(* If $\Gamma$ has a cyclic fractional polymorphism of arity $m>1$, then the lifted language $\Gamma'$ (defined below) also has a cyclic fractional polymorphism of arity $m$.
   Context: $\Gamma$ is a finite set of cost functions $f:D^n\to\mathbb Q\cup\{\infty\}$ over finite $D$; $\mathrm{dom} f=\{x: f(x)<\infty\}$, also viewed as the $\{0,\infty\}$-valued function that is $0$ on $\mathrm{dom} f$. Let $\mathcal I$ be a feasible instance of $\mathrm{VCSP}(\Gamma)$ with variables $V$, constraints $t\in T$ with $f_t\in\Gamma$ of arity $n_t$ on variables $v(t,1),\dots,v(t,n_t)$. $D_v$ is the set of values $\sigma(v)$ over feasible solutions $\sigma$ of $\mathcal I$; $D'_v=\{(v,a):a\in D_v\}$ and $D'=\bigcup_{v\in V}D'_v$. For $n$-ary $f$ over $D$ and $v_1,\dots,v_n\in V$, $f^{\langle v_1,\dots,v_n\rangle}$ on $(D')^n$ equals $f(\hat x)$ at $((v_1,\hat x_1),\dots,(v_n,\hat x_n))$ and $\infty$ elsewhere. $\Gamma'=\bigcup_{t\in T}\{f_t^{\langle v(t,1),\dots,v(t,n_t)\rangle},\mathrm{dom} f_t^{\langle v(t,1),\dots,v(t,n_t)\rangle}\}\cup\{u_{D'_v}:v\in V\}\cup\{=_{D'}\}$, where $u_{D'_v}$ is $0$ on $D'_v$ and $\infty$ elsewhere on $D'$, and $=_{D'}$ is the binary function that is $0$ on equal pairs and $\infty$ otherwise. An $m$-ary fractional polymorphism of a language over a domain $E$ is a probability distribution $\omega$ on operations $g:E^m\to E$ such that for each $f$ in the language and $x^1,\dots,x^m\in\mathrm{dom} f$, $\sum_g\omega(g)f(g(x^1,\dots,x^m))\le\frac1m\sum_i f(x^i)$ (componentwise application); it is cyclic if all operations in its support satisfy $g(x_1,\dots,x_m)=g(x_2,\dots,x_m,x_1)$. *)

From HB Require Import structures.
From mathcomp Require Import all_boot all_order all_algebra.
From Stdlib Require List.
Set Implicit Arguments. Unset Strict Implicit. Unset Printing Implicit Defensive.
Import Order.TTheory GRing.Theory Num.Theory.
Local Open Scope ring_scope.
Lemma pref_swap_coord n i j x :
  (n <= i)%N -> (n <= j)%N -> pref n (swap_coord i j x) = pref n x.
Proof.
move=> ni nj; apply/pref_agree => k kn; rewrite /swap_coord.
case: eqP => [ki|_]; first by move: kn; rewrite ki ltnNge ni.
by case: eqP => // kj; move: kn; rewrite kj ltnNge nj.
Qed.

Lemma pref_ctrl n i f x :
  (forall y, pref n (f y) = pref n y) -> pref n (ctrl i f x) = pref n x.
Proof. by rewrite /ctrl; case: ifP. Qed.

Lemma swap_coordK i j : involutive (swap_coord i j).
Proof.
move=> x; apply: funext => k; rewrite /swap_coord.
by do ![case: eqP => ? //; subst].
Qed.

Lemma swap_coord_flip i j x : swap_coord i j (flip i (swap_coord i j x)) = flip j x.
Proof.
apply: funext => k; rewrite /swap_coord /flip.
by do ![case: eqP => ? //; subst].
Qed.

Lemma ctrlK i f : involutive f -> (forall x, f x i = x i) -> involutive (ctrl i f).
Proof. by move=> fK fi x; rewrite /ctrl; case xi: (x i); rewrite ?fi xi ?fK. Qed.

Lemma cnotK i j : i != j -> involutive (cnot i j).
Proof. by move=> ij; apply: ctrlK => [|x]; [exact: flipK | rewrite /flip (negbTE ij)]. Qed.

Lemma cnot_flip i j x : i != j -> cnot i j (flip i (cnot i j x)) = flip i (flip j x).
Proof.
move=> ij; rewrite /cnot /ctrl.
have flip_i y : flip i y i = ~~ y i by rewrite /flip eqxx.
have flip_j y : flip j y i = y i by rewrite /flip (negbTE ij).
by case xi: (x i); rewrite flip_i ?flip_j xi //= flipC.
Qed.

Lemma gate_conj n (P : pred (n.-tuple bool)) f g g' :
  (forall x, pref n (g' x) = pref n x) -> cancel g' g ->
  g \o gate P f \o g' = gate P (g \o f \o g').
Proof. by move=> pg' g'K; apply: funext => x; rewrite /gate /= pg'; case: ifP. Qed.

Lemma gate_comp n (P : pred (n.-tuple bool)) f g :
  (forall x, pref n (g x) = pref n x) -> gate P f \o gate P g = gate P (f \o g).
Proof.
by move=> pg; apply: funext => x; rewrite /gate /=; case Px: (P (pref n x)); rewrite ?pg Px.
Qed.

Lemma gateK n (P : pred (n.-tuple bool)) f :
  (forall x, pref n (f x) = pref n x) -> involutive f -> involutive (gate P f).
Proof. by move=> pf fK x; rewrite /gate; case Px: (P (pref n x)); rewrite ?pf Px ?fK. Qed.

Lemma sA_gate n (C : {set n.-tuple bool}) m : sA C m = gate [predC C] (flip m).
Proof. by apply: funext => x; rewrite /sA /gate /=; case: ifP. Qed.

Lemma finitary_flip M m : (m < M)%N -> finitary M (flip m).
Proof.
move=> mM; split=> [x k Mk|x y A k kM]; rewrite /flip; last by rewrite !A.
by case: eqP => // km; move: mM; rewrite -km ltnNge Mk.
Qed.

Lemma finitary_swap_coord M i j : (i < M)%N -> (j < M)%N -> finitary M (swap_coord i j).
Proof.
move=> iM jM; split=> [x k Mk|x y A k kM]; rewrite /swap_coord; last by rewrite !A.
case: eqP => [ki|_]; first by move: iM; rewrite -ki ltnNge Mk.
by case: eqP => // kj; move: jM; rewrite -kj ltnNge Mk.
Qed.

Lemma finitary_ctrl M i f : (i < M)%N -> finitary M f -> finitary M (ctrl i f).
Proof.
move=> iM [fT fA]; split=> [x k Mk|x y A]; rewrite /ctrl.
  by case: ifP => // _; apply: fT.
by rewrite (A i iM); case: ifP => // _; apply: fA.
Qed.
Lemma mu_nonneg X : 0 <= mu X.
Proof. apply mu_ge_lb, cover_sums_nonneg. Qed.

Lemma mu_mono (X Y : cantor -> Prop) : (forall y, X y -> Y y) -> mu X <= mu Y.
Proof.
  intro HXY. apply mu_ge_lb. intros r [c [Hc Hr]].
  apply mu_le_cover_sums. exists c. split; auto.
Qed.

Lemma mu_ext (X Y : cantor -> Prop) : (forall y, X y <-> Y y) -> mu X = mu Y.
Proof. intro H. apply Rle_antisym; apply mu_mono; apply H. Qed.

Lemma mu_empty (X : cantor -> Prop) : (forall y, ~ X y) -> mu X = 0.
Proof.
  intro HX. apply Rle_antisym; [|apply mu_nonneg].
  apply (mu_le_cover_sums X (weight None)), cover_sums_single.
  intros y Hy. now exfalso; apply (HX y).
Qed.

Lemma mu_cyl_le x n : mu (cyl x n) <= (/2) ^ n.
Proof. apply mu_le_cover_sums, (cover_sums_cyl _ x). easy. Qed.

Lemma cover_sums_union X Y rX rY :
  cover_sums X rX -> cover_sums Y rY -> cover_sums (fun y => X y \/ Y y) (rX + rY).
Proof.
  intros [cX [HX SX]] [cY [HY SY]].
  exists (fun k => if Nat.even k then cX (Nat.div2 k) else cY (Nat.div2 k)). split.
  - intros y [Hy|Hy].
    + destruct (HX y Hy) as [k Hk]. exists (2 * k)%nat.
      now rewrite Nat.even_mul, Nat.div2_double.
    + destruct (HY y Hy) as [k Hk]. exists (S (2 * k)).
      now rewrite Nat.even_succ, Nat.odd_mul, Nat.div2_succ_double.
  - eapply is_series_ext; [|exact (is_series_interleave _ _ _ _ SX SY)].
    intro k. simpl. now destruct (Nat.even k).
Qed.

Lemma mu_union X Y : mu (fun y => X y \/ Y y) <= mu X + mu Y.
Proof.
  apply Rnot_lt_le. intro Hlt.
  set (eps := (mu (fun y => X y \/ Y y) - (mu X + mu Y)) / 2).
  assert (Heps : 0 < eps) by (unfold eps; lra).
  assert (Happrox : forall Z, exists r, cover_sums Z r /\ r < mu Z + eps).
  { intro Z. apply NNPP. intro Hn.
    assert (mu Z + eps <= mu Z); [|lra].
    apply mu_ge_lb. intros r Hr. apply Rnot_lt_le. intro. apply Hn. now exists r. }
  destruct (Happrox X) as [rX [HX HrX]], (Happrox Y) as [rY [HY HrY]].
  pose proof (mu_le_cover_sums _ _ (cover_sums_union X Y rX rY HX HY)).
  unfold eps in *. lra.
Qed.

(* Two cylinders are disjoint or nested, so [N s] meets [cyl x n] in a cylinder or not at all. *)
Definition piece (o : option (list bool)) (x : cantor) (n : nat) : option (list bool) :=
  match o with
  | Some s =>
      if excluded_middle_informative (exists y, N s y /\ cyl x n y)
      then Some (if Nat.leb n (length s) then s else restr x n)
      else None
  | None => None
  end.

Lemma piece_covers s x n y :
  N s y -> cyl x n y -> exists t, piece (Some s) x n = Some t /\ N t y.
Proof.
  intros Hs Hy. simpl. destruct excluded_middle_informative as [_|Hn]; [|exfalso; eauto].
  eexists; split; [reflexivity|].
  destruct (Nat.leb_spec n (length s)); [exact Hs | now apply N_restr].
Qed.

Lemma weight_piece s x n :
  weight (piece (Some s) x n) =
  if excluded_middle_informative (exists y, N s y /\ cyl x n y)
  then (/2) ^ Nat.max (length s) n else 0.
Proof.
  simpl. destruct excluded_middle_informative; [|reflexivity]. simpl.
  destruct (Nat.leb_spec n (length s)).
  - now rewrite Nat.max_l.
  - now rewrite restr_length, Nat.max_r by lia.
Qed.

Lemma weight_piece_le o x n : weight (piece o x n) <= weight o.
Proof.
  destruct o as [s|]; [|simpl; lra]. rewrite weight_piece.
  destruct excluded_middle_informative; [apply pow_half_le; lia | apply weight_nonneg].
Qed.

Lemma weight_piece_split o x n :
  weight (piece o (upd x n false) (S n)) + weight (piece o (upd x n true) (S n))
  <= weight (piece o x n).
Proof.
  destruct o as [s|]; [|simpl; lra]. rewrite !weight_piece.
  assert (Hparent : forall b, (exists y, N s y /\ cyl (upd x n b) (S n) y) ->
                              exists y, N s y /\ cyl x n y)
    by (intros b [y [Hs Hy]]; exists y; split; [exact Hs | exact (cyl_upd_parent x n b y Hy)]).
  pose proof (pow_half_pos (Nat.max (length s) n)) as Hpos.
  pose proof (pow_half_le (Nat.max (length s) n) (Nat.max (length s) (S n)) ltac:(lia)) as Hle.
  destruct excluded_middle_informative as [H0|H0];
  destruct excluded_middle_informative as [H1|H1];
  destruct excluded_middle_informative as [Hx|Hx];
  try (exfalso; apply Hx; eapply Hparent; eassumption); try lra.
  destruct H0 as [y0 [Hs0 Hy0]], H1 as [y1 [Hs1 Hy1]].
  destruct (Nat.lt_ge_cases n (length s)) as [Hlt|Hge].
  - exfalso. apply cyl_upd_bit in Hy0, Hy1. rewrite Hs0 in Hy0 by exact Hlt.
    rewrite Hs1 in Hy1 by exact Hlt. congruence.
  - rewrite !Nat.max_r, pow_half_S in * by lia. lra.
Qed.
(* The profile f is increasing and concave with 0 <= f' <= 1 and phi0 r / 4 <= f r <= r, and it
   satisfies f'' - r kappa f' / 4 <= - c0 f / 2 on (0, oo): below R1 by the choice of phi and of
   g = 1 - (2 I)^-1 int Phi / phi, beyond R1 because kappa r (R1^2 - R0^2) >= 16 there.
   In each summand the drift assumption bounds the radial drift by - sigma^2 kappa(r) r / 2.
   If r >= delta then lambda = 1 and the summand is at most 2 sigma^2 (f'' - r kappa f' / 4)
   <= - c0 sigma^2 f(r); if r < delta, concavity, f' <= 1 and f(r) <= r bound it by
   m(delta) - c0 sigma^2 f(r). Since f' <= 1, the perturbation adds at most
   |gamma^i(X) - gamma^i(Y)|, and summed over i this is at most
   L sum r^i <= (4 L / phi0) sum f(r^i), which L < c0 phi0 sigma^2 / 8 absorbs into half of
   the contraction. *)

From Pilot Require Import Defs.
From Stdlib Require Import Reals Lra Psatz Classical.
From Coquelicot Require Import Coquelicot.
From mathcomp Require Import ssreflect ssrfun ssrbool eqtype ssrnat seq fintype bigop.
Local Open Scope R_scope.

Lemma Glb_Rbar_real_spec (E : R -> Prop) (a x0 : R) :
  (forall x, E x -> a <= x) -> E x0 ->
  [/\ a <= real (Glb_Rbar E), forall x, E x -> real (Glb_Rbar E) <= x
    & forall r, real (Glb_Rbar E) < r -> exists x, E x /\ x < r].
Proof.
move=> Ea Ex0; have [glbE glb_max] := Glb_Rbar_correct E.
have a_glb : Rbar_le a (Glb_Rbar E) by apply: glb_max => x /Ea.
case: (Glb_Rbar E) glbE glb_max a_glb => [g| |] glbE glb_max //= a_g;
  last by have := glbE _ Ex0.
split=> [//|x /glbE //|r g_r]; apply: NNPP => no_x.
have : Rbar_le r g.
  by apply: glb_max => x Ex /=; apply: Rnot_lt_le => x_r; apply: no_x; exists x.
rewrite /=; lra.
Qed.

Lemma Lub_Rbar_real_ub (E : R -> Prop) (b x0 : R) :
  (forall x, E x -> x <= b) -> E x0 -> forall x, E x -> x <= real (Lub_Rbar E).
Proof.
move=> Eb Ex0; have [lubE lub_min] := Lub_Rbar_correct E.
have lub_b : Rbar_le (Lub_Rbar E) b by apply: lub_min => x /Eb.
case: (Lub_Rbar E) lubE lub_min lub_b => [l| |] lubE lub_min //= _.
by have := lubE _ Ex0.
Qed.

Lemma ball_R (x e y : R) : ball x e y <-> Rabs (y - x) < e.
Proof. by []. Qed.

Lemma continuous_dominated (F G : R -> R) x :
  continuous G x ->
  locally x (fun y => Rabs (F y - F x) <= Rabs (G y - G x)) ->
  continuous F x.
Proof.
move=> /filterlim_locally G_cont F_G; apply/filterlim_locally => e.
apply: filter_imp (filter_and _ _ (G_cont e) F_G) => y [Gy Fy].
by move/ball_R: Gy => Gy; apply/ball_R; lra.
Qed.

──────────────────────────────

> **WORK TO BE COMPLETED**
Wherever the word "mathcomp" shows up in the material, copy the line it is on.

> **RESPONSE TO THIS EXERCISE**
From mathcomp Require Import all_boot all_order all_algebra.
From mathcomp Require Import ssreflect ssrfun ssrbool eqtype ssrnat seq fintype bigop.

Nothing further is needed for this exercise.